### [TASK PROMPT]
From the entries below, transcribe exactly the lines between the line holding "i _; [|reflexivity]." and the line holding "Lemma short_excess (m", inclusive; skip all other lines.

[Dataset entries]
(* Periodic reduction: when K is m-periodic with an even m-block, an excess of
   σ^a t over K at depth d ≥ m yields one of σ^(a+m) t at depth d - m; hence
   some shift of t exceeds K at a depth below m. *)
Lemma excess_below_period (m : nat) (K t : nat -> Omega) :
  even_periodic m K -> forall d a, pl_gt_at (shiftk a t) K d ->
  exists a' d', (d' < m)%nat /\ (a' + d' = a + d)%nat /\ pl_gt_at (shiftk a' t) K d'.
Proof.
  intros [Hm [Hper Hev]] d. induction d as [d IH] using lt_wf_ind. intros a Hgt.
  destruct (Nat.lt_ge_cases d m) as [Hd|Hd]; [exists a, d; auto|].
  assert (Hstep : pl_gt_at (shiftk m (shiftk a t)) K (d - m)).
  { apply (tail_excess (shiftk a t) K K m d); [exact Hd| |].
    - intros j _. unfold shiftk. rewrite Nat.add_comm. apply Hper.
    - assert (Eo : ones (shiftk a t) m = ones K m).
      { apply ones_agree. intros i Hi. apply (proj1 Hgt). lia. }
      rewrite Eo, Hev. exact Hgt. }
  assert (Hstep' : pl_gt_at (shiftk (a + m) t) K (d - m)).
  { eapply pl_gt_at_ext; [| |exact Hstep]; intros i _; [|reflexivity].
    unfold shiftk. f_equal. lia. }
  destruct (IH (d - m)%nat ltac:(lia) (a + m)%nat Hstep') as [a' [d' [Hd' [Hsum Hgt']]]].
  exists a', d'. split; [exact Hd'|split; [lia|exact Hgt']].
Qed.

Lemma short_excess (m : nat) (K t : nat -> Omega) (a d : nat) :
  even_periodic m K -> pl_gt_at (shiftk a t) K d ->
  exists a' j, (1 <= j <= m)%nat /\ (a' + j <= S (a + d))%nat /\
    word_succ j (fun i => t (a' + i)%nat) K.
Proof.
  intros Hper Hgt.
  destruct (excess_below_period m K t Hper d a Hgt) as [a' [d' [Hd' [Hsum Hgt']]]].
  exists a', (S d'). split; [lia|split; [lia|]]. exists d'. split; [lia|exact Hgt'].
Qed.

Lemma excess_between (u v s K : nat -> Omega) (N p : nat) :
  agree p u v -> binary (u p) -> binary (v p) -> binary (s p) ->
  Nat.even (ones u (S p)) = true -> Nat.even (ones v (S p)) = false ->
  agree (N - S p) (shiftk (S p) u) K -> agree (N - S p) (shiftk (S p) v) K ->
  word_succ N s u -> word_succ N v s ->
  exists d, (S p + d < N)%nat /\ pl_gt_at (shiftk (S p) s) K d.
Proof.
  intros Huv Hu Hv Hs Heu Hov Htu Htv [k1 [Hk1 P1]] [k2 [Hk2 P2]].
  assert (Hp : (p <= Nat.min k1 k2)%nat).
  { destruct (Nat.lt_ge_cases (Nat.min k1 k2) p) as [Hlt|Hge]; [exfalso|exact Hge].
    destruct (pl_trans u s v k1 k2 P1 P2) as [_ [Hne _]]. apply Hne. symmetry. auto. }
  assert (Hneq : u p <> v p).
  { intro E. assert (Eo : ones u (S p) = ones v (S p)).
    { apply ones_agree. intros i Hi. destruct (Nat.eq_dec i p); [subst; exact E|].
      apply Huv. lia. }
    congruence. }
  assert (Hsp : s p = u p \/ s p = v p).
  { destruct Hu as [Hu|Hu]; destruct Hv as [Hv|Hv]; destruct Hs as [Hs|Hs];
      rewrite Hu, Hv, Hs in *; first [left; reflexivity|right; reflexivity|congruence]. }
  destruct Hsp as [Hsp|Hsp].
  - assert (Hk1p : (S p <= k1)%nat).
    { destruct (Nat.eq_dec k1 p); [|lia]. subst k1. destruct P1 as [_ [Hne _]]. congruence. }
    exists (k1 - S p)%nat. split; [lia|].
    apply (tail_excess s u K (S p) k1); [exact Hk1p|apply (agree_le _ (N - S p)); [lia|exact Htu]|].
    assert (Eo : ones s (S p) = ones u (S p)).
    { apply ones_agree. intros i Hi. destruct (Nat.eq_dec i p); [subst; exact Hsp|].
      apply (proj1 P1). lia. }
    rewrite Eo, Heu. exact P1.
  - assert (Hk2p : (S p <= k2)%nat).
    { destruct (Nat.eq_dec k2 p); [|lia]. subst k2. destruct P2 as [_ [Hne _]]. congruence. }
    exists (k2 - S p)%nat. split; [lia|].
    apply (tail_excess s v K (S p) k2); [exact Hk2p|apply (agree_le _ (N - S p)); [lia|exact Htv]|].
    assert (Eo : ones s (S p) = ones v (S p)).
    { apply ones_agree. intros i Hi. destruct (Nat.eq_dec i p); [subst; exact Hsp|].
      symmetry. apply (proj1 P2). lia. }
    rewrite Eo, Hov. exact P2.
Qed.

Lemma tent_iter_add (lam : R) (a b : nat) (x : R) :
  tent_iter lam (a + b) x = tent_iter lam b (tent_iter lam a x).
Proof.
  induction b as [|b IH]; simpl.
  - rewrite Nat.add_0_r; reflexivity.
  - rewrite Nat.add_succ_r. simpl. rewrite IH. reflexivity.
Qed.

Lemma itin_add (lam x : R) (a i : nat) : itin lam x (a + i) = itin lam (tent_iter lam a x) i.
Proof. unfold itin. rewrite tent_iter_add. reflexivity. Qed.

Lemma itin_S (lam x : R) (i : nat) : itin lam x (S i) = itin lam (tent lam x) i.
Proof. exact (itin_add lam x 1 i). Qed.

Lemma address_lt (x : R) : x < 1/2 -> address x = Zero.
Proof. intros Hx; unfold address; destruct (total_order_T x (1/2)) as [[H|H]|H]; auto; lra. Qed.

Lemma address_gt (x : R) : x > 1/2 -> address x = One.
Proof. intros Hx; unfold address; destruct (total_order_T x (1/2)) as [[H|H]|H]; auto; lra. Qed.

Lemma address_Cs (x : R) : address x = Cs <-> x = 1/2.
Proof.
  unfold address; destruct (total_order_T x (1/2)) as [[H|H]|H]; split; intro E;
    auto; try discriminate; lra.
Qed.

Lemma address_Zero (x : R) : address x = Zero -> x < 1/2.
Proof. unfold address; destruct (total_order_T x (1/2)) as [[H|H]|H]; auto; congruence. Qed.

Lemma address_One (x : R) : address x = One -> x > 1/2.
Proof. unfold address; destruct (total_order_T x (1/2)) as [[H|H]|H]; auto; congruence. Qed.

Lemma address_mono (a b : R) : a < b -> (orank (address a) <= orank (address b))%nat.
Proof.
  intros H. unfold address.
  destruct (total_order_T a (1/2)) as [[Ha|Ha]|Ha];
  destruct (total_order_T b (1/2)) as [[Hb|Hb]|Hb]; simpl; lia || lra.
Qed.

Lemma address_near (a b : R) : Rabs (a - b) < Rabs (b - 1/2) -> address a = address b.
Proof.
  intros H. destruct (total_order_T b (1/2)) as [[Hb|Hb]|Hb].
  - rewrite !address_lt; auto; unfold Rabs in H; destruct (Rcase_abs _); destruct (Rcase_abs _); lra.
  - subst. unfold Rabs in H; destruct (Rcase_abs _); destruct (Rcase_abs _); lra.
  - rewrite !address_gt; auto; unfold Rabs in H; destruct (Rcase_abs _); destruct (Rcase_abs _); lra.
Qed.

Lemma tent_le (lam x : R) : x <= 1/2 -> tent lam x = lam * x.
Proof. intros; unfold tent; destruct (Rle_dec x (1/2)); auto; lra. Qed.

Lemma tent_gt (lam x : R) : x > 1/2 -> tent lam x = lam * (1 - x).
Proof. intros; unfold tent; destruct (Rle_dec x (1/2)); auto; lra. Qed.

Lemma tent_c (lam : R) : tent lam (1/2) = lam / 2.
Proof. rewrite tent_le by lra. field. Qed.

Lemma tent_distance (lam u : R) : tent lam u = lam / 2 - lam * Rabs (u - 1/2).
Proof.
  destruct (Rle_dec u (1/2)).
  - rewrite tent_le, Rabs_left1 by lra. field.
  - rewrite tent_gt, Rabs_right by lra. field.
Qed.

Lemma tent_iter_lipschitz (lam : R) (n : nat) (a b : R) : 0 < lam ->
  Rabs (tent_iter lam n a - tent_iter lam n b) <= lam ^ n * Rabs (a - b).
Proof.
  intros Hl. induction n as [|n IH]; simpl; [lra|].
  apply Rle_trans with (lam * Rabs (tent_iter lam n a - tent_iter lam n b)).
  - unfold tent. destruct (Rle_dec _ (1/2)), (Rle_dec _ (1/2));
      unfold Rabs; destruct (Rcase_abs _); destruct (Rcase_abs _); nra.
  - rewrite Rmult_assoc. apply Rmult_le_compat_l; lra.
Qed.

Lemma tent_iter_continuous (lam : R) (n : nat) (a e : R) : 0 < lam -> 0 < e ->
  exists d, d > 0 /\ forall b, Rabs (b - a) < d ->
    Rabs (tent_iter lam n b - tent_iter lam n a) < e.
Proof.
  intros Hl He. assert (P : 0 < lam ^ n) by (apply pow_lt; auto).
  exists (e / lam ^ n). split; [apply Rdiv_lt_0_compat; auto|].
  intros b Hb. eapply Rle_lt_trans; [apply tent_iter_lipschitz; auto|].
  apply (Rmult_lt_compat_l (lam ^ n)) in Hb; auto.
  replace (lam ^ n * (e / lam ^ n)) with e in Hb by (field; lra). exact Hb.
Qed.

Lemma itin_locally_constant (lam z : R) (N : nat) : 0 < lam ->
  (forall i, (i < N)%nat -> itin lam z i <> Cs) ->
  exists d, d > 0 /\ forall y, Rabs (y - z) < d -> agree N (itin lam y) (itin lam z).
Proof.
  intros Hl. induction N as [|N IH]; intros Hnc.
  - exists 1; split; [lra|]. intros y _ i Hi; lia.
  - destruct IH as [d1 [Hd1 H1]]; [intros i Hi; apply Hnc; lia|].
    assert (He : Rabs (tent_iter lam N z - 1/2) > 0).
    { apply Rabs_pos_lt. intro E. apply (Hnc N); [lia|]. apply address_Cs. lra. }
    destruct (tent_iter_continuous lam N z _ Hl He) as [d2 [Hd2 H2]].
    exists (Rmin d1 d2). split; [apply Rmin_glb_lt; auto|].
    intros y Hy i Hi. destruct (Nat.eq_dec i N) as [->|Hne].
    + apply address_near, H2. eapply Rlt_le_trans; [exact Hy|apply Rmin_r].
    + apply H1; [eapply Rlt_le_trans; [exact Hy|apply Rmin_l]|lia].
Qed.

Lemma iterate_order (lam x y : R) (k : nat) : 0 < lam -> x < y ->
  agree k (itin lam x) (itin lam y) ->
  if Nat.even (ones (itin lam x) k) then tent_iter lam k x < tent_iter lam k y
  else tent_iter lam k y < tent_iter lam k x.
Proof.
  intros Hl Hxy. induction k as [|k IH]; intros Hag; [exact Hxy|].
  assert (IH' := IH (agree_le k (S k) _ _ ltac:(lia) Hag)).
  assert (Hk := Hag k ltac:(lia)). unfold itin in Hk.
  rewrite even_ones_S. simpl tent_iter. unfold itin at 1.
  set (a := tent_iter lam k x) in *. set (b := tent_iter lam k y) in *.
  destruct (address a) eqn:Ea.
  - assert (a < 1/2) by (apply address_Zero; auto).
    assert (b < 1/2) by (apply address_Zero; rewrite <- Hk; auto).
    rewrite !tent_le by lra. destruct (Nat.even _); nra.
  - assert (a > 1/2) by (apply address_One; auto).
    assert (b > 1/2) by (apply address_One; rewrite <- Hk; auto).
    rewrite !tent_gt by lra. destruct (Nat.even _); simpl; nra.
  - assert (a = 1/2) by (apply address_Cs; auto).
    assert (b = 1/2) by (apply address_Cs; rewrite <- Hk; auto).
    destruct (Nat.even _); lra.
Qed.

Lemma itin_monotone (lam x y : R) (N : nat) : 0 < lam -> x < y ->
  wle N (itin lam x) (itin lam y).
Proof.
  intros Hl Hxy.
  destruct (first_failure (fun i => itin lam x i = itin lam y i) N)
    as [H|[k [Hk [Hne Hag]]]]; [left; exact H|right].
  exists k. split; [exact Hk|].
  assert (Eo : ones (itin lam y) k = ones (itin lam x) k)
    by (symmetry; apply ones_agree; exact Hag).
  assert (Hr : orank (itin lam x k) <> orank (itin lam y k)) by (intro E; apply Hne, orank_inj, E).
  assert (Hord := iterate_order lam x y k Hl Hxy Hag).
  split; [intros i Hi; symmetry; apply Hag, Hi|split; [intro E; apply Hne; symmetry; exact E|]].
  rewrite Eo. unfold itin in Hr |- *.
  destruct (Nat.even _); [left|right]; split; auto;
    [assert (X := address_mono _ _ Hord)|assert (X := address_mono _ _ Hord)]; lia.
Qed.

### [RESPONSE TO THIS TASK]
  { eapply pl_gt_at_ext; [| |exact Hstep]; intros i _; [|reflexivity].
    unfold shiftk. f_equal. lia. }
  destruct (IH (d - m)%nat ltac:(lia) (a + m)%nat Hstep') as [a' [d' [Hd' [Hsum Hgt']]]].
  exists a', d'. split; [exact Hd'|split; [lia|exact Hgt']].
Qed.

Lemma short_excess (m : nat) (K t : nat -> Omega) (a d : nat) :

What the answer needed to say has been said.